Therefore, consistent with Commission
precedent and NERC’s Sanction
Guidelines, each requirement must have
a violation risk factor and violation
severity level assignment.
1. Requirement R1 and Its SubRequirements
91. Requirement R1 establishes
criteria (sub-Requirements R1.1–R1.13)
to prevent phase protective relay
settings from limiting transmission
system loadability while maintaining
reliable protection of the bulk electric
system for all fault conditions.105 NERC
assigns Requirement R1 a high violation
risk factor. The Commission agrees that
Requirement R1 should be assigned a
high violation risk factor because a
violation of Requirement R1 has the
potential to cause cascading outages like
those that occurred during the 2003
blackout. NERC did not assign violation
risk factors to sub-Requirements R1.1
through R1.13.
Commission Proposal
92. The Commission agrees that
Requirement R1 should be assigned a
high violation risk factor because a
violation of Requirement R1 has the
potential to cause cascading outages like
those that occurred during the 2003
blackout.

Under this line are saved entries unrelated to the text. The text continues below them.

(* Let r = p/q > 0 in lowest terms, N a numerical monoid with enumeration
   s_0 < s_1 < ..., and S = S_{r,N}.  The atoms of S are exactly the powers
   r^k, k in N (valuations at p and q), so a factorization of length l of x
   is a list of l exponents in N whose power sum is x.  All length changes
   come from the relations p^(d_i) r^(s_i) = q^(d_i) r^(s_(i+1)), where
   d_i = s_(i+1) - s_i.
   - Every distance is a multiple of |p - q|: clearing denominators, each term
     r^k contributes q^E modulo |p - q|.
   - Orienting the relations so that they shorten factorizations, a
     factorization to which none applies ("canonical") is unique up to
     permutation: its multiplicities are digits in mixed radix, read from the
     bottom when p > q and from the top (as a power sum of 1/r) when p < q.
     A distance d > |p^(d_0) - q^(d_0)| is then impossible, since the longer
     factorization would be canonical and at least as short as the shorter one.
   - The element p^(d_i) r^(s_i) has lengths p^(d_i) and q^(d_i) and none in
     between, since each of its factorizations lies on one side of the gap
     between s_i and s_(i+1). *)

Lemma counts_perm (s1 s2 : seq nat) :
  (forall j, count_mem j s1 = count_mem j s2) -> perm_eq s1 s2.
Proof. by move=> e; apply/allP => j _ /=; rewrite e. Qed.

Lemma count_mem_filter (P : pred nat) j (s : seq nat) :
  count_mem j (filter P s) = if P j then count_mem j s else 0%N.
Proof.
rewrite count_filter; case: ifP => Pj.
  by apply: eq_count => k /=; case: eqVneq => // ->; rewrite Pj.
rewrite (@eq_count _ _ pred0) ?count_pred0 // => k /=.
by case: eqVneq => // ->; rewrite Pj.
Qed.

Lemma perm_extract (j m : nat) (ks : seq nat) : (m <= count_mem j ks)%N ->
  exists rest, perm_eq ks (nseq m j ++ rest).
Proof.
elim: m ks => [|m IH] ks le_m; first by exists ks.
have j_in : j \in ks by rewrite -has_pred1 has_count; apply: leq_trans le_m.
have to_rem := perm_to_rem j_in.
have [|rest perm_rest] := IH (rem j ks).
  by move: le_m; rewrite (permP to_rem) /= eqxx.
by exists rest; apply: (perm_trans to_rem); rewrite /= perm_cons.
Qed.

Lemma exponent_bound (ks : seq nat) : exists E, forall k, k \in ks -> (k <= E)%N.
Proof. by exists (\max_(k <- ks) k) => k hk; apply: leq_bigmax_seq. Qed.

Lemma leq_wexp2r (a b d : nat) : (a <= b)%N -> (a ^ d <= b ^ d)%N.
Proof. by case: d => // d; rewrite leq_exp2r. Qed.

Lemma distn_exp_mono (a b d e : nat) : (d <= e)%N ->
  (`|a ^ d - b ^ d| <= `|a ^ e - b ^ e|)%N.
Proof.
move=> le_de; wlog le_ba : a b / (b <= a)%N => [W|].
  case: (leqP b a) => [/W // | /ltnW /W].
  by rewrite distnC [X in (_ <= X)%N]distnC.
rewrite !distnEl ?leq_wexp2r // -(subnKC le_de) !expnD.
have [a0|a_gt0] := posnP a; first by rewrite a0 (_ : b = 0%N) ?subnn //; lia.
have u_gt0 : (0 < a ^ (e - d))%N by rewrite expn_gt0 a_gt0.
apply: leq_trans (leq_pmulr _ u_gt0) _.
by rewrite mulnBl leq_sub2l // leq_mul2l leq_wexp2r ?orbT.
Qed.

Lemma minn_add_distn (a b : nat) : (minn a b + `|a - b|)%N = maxn a b.
Proof.
case: (leqP a b) => [le_ab | /ltnW le_ba].
  by rewrite distnEr ?subnKC.
by rewrite distnEl ?subnKC.
Qed.

Section PowerSums.
Variable r : rat.

Definition psum (ks : seq nat) : rat := \sum_(k <- ks) r ^+ k.

Lemma psum_cons k ks : psum (k :: ks) = r ^+ k + psum ks.
Proof. exact: big_cons. Qed.

Lemma psum_cat ks1 ks2 : psum (ks1 ++ ks2) = psum ks1 + psum ks2.
Proof. exact: big_cat. Qed.

Lemma psum_nseq m k : psum (nseq m k) = m%:R * r ^+ k.
Proof.
elim: m => [|m IH]; first by rewrite mul0r /psum big_nil.
by rewrite [nseq _ _]/= psum_cons IH mulrSr mulrDl mul1r addrC.
Qed.

Lemma psum_perm ks1 ks2 : perm_eq ks1 ks2 -> psum ks1 = psum ks2.
Proof. exact: perm_big. Qed.

Lemma psum_filter (P : pred nat) ks :
  psum ks = psum (filter P ks) + psum (filter (predC P) ks).
Proof. by rewrite -psum_cat; apply: psum_perm; rewrite perm_sym perm_filterC. Qed.

Lemma psum_size_ge c ks : (forall k, k \in ks -> c <= r ^+ k) ->
  (size ks)%:R * c <= psum ks.
Proof.
move=> h; rewrite -sum1_size natr_sum mulr_suml /psum !big_seq.
by apply: ler_sum => k hk; rewrite mul1r h.
Qed.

It is the Commission’s view
that because the sub-requirements in
Requirement R1 set forth criteria for
compliance with Requirement R1, the
reliability risk of a violation of any one
of the sub-requirements is the same as
with a violation of Requirement R1.
Therefore, consistent with the high
violation risk factor assigned to
Requirement R1, the Commission
proposes to direct the ERO to assign a
high violation risk factor to each of the
sub-Requirements R1.1 through R1.13.
The Commission seeks comment on this
proposal.
104 Violation
Severity Level Order, 123 FERC
¶ 61,284 at P 3.
105 Requirement R1 also requires each
transmission owner, generator owner, and
distribution provider to evaluate relay loadability at
0.85 per unit voltage and a power factor angle of
30 degrees.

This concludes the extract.